[Work required]:
Please repeat, from the entries that follow, the lines from the one containing "#|[set z in" through the one containing "by case: (i" exactly, adding nothing.

■ ■ ■ ■

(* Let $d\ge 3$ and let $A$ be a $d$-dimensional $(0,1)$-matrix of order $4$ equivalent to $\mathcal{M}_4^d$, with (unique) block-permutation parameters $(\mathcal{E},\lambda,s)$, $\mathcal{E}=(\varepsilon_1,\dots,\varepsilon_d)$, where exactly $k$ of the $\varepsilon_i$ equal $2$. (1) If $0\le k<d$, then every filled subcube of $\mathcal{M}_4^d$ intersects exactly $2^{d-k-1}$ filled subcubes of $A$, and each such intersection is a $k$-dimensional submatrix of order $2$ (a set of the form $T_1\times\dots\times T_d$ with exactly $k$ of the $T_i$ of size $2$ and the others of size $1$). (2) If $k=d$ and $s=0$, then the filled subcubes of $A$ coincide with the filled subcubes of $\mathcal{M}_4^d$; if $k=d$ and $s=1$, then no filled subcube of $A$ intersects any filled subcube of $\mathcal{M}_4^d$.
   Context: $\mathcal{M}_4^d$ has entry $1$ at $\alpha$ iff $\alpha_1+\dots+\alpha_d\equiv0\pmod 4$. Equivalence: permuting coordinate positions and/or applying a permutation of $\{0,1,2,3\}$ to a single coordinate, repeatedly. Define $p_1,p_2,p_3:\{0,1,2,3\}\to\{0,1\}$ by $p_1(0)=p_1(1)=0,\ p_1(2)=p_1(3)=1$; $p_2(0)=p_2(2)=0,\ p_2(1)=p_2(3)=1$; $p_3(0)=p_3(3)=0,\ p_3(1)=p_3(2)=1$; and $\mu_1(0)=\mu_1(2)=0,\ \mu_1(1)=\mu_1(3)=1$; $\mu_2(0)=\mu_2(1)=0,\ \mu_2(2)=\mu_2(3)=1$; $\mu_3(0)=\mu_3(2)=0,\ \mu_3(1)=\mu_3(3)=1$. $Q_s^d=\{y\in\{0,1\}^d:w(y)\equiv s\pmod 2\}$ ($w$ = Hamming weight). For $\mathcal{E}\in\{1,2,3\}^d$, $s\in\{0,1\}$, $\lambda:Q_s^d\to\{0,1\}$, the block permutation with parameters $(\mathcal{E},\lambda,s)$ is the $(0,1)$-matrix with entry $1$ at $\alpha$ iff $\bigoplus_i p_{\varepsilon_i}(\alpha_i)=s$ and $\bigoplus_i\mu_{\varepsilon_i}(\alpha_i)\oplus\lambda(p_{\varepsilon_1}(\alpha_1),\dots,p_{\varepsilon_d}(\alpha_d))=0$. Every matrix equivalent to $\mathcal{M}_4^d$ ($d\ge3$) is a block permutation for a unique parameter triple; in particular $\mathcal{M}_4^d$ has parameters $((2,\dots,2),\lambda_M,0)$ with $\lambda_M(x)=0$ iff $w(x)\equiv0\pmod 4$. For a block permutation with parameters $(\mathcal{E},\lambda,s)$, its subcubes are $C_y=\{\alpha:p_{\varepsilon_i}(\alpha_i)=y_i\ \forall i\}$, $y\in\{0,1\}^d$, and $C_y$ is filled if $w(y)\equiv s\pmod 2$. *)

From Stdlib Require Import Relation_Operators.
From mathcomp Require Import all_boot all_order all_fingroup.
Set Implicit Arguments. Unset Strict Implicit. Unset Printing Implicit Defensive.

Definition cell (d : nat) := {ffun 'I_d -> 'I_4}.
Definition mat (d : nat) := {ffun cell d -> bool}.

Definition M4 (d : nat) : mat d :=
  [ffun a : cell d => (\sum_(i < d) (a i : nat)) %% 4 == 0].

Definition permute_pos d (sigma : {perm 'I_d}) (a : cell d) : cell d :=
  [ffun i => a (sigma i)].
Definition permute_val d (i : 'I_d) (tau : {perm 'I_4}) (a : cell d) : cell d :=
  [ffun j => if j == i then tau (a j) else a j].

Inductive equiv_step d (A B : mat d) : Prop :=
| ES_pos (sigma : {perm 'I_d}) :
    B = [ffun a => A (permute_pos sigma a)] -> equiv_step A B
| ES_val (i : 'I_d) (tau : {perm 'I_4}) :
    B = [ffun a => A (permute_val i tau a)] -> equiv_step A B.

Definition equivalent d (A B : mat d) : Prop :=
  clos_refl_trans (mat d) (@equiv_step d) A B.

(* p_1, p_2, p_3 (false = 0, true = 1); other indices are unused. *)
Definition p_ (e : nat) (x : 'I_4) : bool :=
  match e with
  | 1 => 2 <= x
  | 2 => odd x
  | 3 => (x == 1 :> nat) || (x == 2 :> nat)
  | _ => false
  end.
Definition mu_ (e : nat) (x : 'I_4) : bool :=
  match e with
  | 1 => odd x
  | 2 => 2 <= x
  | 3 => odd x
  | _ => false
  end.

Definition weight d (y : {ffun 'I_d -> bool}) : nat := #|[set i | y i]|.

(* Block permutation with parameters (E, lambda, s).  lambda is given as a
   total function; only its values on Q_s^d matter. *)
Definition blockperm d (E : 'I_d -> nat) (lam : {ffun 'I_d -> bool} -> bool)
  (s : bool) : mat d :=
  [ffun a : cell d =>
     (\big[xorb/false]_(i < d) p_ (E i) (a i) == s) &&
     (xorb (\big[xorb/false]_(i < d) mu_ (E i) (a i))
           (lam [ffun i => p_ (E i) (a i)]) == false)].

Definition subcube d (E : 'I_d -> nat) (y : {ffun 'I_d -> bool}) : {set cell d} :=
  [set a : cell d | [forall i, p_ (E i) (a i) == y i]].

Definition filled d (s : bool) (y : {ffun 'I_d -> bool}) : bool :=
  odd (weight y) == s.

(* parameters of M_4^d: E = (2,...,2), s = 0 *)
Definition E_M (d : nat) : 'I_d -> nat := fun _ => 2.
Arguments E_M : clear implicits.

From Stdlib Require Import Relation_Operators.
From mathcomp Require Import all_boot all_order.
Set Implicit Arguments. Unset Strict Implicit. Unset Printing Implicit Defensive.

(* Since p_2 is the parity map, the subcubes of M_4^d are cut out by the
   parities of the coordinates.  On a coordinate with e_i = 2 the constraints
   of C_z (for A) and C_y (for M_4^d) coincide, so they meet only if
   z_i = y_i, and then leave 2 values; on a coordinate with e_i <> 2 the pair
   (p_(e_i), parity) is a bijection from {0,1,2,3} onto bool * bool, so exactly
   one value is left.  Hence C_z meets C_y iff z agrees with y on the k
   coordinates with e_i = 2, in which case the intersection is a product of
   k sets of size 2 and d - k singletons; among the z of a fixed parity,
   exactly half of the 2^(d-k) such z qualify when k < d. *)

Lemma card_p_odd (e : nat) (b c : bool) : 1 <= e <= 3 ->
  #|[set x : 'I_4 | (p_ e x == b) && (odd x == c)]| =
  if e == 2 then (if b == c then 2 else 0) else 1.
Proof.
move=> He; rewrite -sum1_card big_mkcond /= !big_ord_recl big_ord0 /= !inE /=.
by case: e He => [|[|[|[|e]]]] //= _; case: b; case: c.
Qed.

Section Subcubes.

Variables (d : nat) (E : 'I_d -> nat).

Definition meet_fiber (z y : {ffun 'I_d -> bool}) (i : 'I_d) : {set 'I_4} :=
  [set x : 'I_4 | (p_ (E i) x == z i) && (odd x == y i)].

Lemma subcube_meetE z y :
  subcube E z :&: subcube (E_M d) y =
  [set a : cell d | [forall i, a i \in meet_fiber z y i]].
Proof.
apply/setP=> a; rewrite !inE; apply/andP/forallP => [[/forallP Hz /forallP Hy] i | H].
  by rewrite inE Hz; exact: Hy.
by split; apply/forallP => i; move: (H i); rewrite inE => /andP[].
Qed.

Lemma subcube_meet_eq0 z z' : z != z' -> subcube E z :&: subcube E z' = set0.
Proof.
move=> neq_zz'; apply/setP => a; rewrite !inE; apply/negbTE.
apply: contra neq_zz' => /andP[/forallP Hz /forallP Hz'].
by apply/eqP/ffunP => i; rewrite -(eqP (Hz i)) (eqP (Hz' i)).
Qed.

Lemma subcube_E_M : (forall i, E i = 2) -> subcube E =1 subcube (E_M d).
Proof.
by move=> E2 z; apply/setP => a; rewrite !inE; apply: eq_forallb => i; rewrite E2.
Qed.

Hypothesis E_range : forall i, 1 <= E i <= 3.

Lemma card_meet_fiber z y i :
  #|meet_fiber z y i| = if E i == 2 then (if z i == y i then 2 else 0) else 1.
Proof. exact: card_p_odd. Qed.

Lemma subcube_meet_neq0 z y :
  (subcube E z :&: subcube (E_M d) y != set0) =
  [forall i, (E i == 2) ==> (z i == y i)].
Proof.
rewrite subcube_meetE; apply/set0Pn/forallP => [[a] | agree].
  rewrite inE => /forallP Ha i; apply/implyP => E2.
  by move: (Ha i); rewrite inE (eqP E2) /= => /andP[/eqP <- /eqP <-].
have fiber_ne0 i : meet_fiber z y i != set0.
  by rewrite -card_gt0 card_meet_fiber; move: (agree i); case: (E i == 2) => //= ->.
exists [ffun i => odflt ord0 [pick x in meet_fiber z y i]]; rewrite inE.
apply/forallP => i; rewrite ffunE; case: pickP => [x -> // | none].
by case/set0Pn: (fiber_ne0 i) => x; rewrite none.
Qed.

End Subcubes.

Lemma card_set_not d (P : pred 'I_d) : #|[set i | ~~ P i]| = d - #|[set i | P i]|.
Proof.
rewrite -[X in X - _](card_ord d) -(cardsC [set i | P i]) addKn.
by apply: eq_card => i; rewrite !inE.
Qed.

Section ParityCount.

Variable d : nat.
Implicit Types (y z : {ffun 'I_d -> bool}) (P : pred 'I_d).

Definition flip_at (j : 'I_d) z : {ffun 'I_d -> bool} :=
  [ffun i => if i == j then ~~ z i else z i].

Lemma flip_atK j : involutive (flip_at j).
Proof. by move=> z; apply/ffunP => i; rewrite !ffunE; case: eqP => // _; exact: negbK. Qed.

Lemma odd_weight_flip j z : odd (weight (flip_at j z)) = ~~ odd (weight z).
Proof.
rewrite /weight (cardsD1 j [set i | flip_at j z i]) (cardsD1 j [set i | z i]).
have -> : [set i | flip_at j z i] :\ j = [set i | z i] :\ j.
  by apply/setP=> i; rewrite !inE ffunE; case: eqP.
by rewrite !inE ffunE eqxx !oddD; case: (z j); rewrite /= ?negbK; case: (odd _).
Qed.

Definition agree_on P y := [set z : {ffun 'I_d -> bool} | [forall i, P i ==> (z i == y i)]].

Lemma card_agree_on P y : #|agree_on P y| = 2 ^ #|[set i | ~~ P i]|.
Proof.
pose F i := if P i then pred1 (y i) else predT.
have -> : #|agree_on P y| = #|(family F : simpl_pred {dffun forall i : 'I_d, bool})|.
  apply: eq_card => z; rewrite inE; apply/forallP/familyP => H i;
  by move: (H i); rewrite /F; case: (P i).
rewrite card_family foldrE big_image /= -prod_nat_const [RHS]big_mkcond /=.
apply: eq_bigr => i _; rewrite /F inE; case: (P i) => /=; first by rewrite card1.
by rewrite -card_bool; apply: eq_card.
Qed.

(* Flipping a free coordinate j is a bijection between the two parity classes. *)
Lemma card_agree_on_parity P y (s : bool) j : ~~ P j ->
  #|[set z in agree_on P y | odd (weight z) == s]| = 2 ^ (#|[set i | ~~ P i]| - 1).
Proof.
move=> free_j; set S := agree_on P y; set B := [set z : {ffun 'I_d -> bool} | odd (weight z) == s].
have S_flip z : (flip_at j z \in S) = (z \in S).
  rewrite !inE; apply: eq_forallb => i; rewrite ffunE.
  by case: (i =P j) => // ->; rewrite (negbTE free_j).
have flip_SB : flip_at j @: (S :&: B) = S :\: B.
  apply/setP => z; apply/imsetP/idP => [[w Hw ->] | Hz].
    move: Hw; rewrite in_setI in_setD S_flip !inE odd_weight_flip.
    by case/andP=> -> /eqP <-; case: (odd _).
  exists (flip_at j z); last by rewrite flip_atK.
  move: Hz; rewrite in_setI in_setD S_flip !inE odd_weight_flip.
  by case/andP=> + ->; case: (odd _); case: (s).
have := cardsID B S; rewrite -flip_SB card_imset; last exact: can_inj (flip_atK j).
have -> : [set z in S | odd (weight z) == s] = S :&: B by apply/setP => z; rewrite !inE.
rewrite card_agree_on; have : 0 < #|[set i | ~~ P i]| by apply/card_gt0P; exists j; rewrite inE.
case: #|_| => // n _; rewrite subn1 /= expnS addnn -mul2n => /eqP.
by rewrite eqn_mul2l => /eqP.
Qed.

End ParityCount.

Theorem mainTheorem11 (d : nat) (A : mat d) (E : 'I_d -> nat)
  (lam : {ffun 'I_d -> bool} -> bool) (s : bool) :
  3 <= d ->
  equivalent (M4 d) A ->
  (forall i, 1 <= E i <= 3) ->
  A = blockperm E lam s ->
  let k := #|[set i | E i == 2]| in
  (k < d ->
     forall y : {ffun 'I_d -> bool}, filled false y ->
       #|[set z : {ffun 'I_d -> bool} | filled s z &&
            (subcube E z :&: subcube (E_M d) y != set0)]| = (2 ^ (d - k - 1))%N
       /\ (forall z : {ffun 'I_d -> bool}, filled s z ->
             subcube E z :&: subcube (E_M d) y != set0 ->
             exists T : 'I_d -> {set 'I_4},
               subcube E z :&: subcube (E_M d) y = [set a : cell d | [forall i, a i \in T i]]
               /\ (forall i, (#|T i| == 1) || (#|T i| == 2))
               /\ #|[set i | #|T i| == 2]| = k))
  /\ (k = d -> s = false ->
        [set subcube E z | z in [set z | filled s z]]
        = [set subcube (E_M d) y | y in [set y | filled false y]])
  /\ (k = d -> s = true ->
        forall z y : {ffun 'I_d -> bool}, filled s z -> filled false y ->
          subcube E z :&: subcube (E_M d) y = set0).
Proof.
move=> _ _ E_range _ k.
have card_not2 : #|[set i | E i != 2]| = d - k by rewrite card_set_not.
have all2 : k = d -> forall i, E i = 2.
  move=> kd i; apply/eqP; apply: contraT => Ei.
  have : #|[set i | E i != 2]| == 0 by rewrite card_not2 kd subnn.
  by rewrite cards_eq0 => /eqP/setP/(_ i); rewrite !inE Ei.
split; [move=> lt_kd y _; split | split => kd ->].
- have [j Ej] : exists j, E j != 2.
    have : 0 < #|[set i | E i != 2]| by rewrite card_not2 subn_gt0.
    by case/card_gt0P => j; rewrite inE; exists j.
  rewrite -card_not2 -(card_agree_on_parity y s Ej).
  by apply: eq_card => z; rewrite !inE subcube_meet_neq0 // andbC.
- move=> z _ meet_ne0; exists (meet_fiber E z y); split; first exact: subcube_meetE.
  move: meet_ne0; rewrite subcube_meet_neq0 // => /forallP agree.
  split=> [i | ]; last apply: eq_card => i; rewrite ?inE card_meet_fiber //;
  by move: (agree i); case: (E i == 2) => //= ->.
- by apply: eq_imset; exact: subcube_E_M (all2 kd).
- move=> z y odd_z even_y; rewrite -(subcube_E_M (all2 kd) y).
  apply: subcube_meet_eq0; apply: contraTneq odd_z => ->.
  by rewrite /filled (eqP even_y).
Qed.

■ ■ ■ ■

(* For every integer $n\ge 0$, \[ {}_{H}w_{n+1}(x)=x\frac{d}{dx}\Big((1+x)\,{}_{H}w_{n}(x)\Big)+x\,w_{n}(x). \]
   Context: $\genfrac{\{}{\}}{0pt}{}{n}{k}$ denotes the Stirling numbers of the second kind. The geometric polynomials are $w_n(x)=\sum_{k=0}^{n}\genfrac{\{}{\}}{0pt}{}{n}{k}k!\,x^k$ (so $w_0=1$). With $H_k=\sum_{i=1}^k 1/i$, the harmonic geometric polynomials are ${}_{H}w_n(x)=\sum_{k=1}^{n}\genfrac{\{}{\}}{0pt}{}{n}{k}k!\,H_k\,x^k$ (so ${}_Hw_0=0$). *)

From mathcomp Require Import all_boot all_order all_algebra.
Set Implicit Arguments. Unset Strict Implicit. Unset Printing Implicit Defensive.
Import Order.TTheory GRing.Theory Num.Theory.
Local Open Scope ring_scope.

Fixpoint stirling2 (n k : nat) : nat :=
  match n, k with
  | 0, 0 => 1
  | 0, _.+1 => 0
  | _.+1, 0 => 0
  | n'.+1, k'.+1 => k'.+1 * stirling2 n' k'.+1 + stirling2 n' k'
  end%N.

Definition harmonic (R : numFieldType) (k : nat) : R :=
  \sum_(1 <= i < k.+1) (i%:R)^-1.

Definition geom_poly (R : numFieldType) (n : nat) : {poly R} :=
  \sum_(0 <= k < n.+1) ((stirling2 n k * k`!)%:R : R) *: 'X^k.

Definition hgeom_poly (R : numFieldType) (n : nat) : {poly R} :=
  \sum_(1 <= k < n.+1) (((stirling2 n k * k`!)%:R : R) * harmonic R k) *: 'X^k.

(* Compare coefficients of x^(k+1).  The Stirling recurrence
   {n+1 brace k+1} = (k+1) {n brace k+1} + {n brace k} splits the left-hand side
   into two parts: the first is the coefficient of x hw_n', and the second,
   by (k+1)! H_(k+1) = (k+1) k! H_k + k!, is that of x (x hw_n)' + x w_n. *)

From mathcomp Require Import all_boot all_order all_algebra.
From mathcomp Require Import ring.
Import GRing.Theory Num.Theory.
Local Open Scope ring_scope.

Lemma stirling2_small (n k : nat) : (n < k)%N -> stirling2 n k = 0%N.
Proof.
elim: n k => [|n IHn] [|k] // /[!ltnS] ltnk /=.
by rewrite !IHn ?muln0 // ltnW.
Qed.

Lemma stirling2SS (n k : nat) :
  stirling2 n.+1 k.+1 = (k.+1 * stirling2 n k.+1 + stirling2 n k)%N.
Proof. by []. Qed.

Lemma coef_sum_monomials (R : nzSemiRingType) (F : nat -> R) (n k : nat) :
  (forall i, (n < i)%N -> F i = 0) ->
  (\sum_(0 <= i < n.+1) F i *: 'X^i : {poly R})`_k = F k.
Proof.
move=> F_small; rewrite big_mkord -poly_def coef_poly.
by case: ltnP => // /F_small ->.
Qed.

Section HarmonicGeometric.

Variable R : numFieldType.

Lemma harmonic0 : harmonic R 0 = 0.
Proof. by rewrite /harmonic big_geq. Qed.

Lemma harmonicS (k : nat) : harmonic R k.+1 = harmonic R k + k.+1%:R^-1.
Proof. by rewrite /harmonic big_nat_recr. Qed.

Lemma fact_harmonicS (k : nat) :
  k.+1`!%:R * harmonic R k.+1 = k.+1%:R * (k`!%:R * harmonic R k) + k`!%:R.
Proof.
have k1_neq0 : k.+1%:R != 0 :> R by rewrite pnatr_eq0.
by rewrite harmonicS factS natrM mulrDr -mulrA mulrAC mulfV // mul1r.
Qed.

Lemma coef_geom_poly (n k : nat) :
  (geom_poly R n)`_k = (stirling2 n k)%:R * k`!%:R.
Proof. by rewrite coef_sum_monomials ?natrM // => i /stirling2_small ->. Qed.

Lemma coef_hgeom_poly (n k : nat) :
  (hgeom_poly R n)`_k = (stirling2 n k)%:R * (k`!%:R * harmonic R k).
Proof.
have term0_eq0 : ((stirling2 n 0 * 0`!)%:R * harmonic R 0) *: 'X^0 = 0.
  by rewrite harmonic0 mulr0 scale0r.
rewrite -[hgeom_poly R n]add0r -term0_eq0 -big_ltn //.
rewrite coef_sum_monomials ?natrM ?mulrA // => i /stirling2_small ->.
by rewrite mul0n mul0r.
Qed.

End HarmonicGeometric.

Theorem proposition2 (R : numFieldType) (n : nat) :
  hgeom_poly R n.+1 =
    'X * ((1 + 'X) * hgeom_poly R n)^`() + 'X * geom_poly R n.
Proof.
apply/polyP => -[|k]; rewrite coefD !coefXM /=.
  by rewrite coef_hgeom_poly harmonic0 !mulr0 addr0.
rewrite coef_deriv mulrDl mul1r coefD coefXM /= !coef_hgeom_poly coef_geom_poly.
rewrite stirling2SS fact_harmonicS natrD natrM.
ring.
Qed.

■ ■ ■ ■

[Solved exercise]:
  #|[set z in agree_on P y | odd (weight z) == s]| = 2 ^ (#|[set i | ~~ P i]| - 1).
Proof.
move=> free_j; set S := agree_on P y; set B := [set z : {ffun 'I_d -> bool} | odd (weight z) == s].
have S_flip z : (flip_at j z \in S) = (z \in S).
  rewrite !inE; apply: eq_forallb => i; rewrite ffunE.
  by case: (i =P j) => // ->; rewrite (negbTE free_j).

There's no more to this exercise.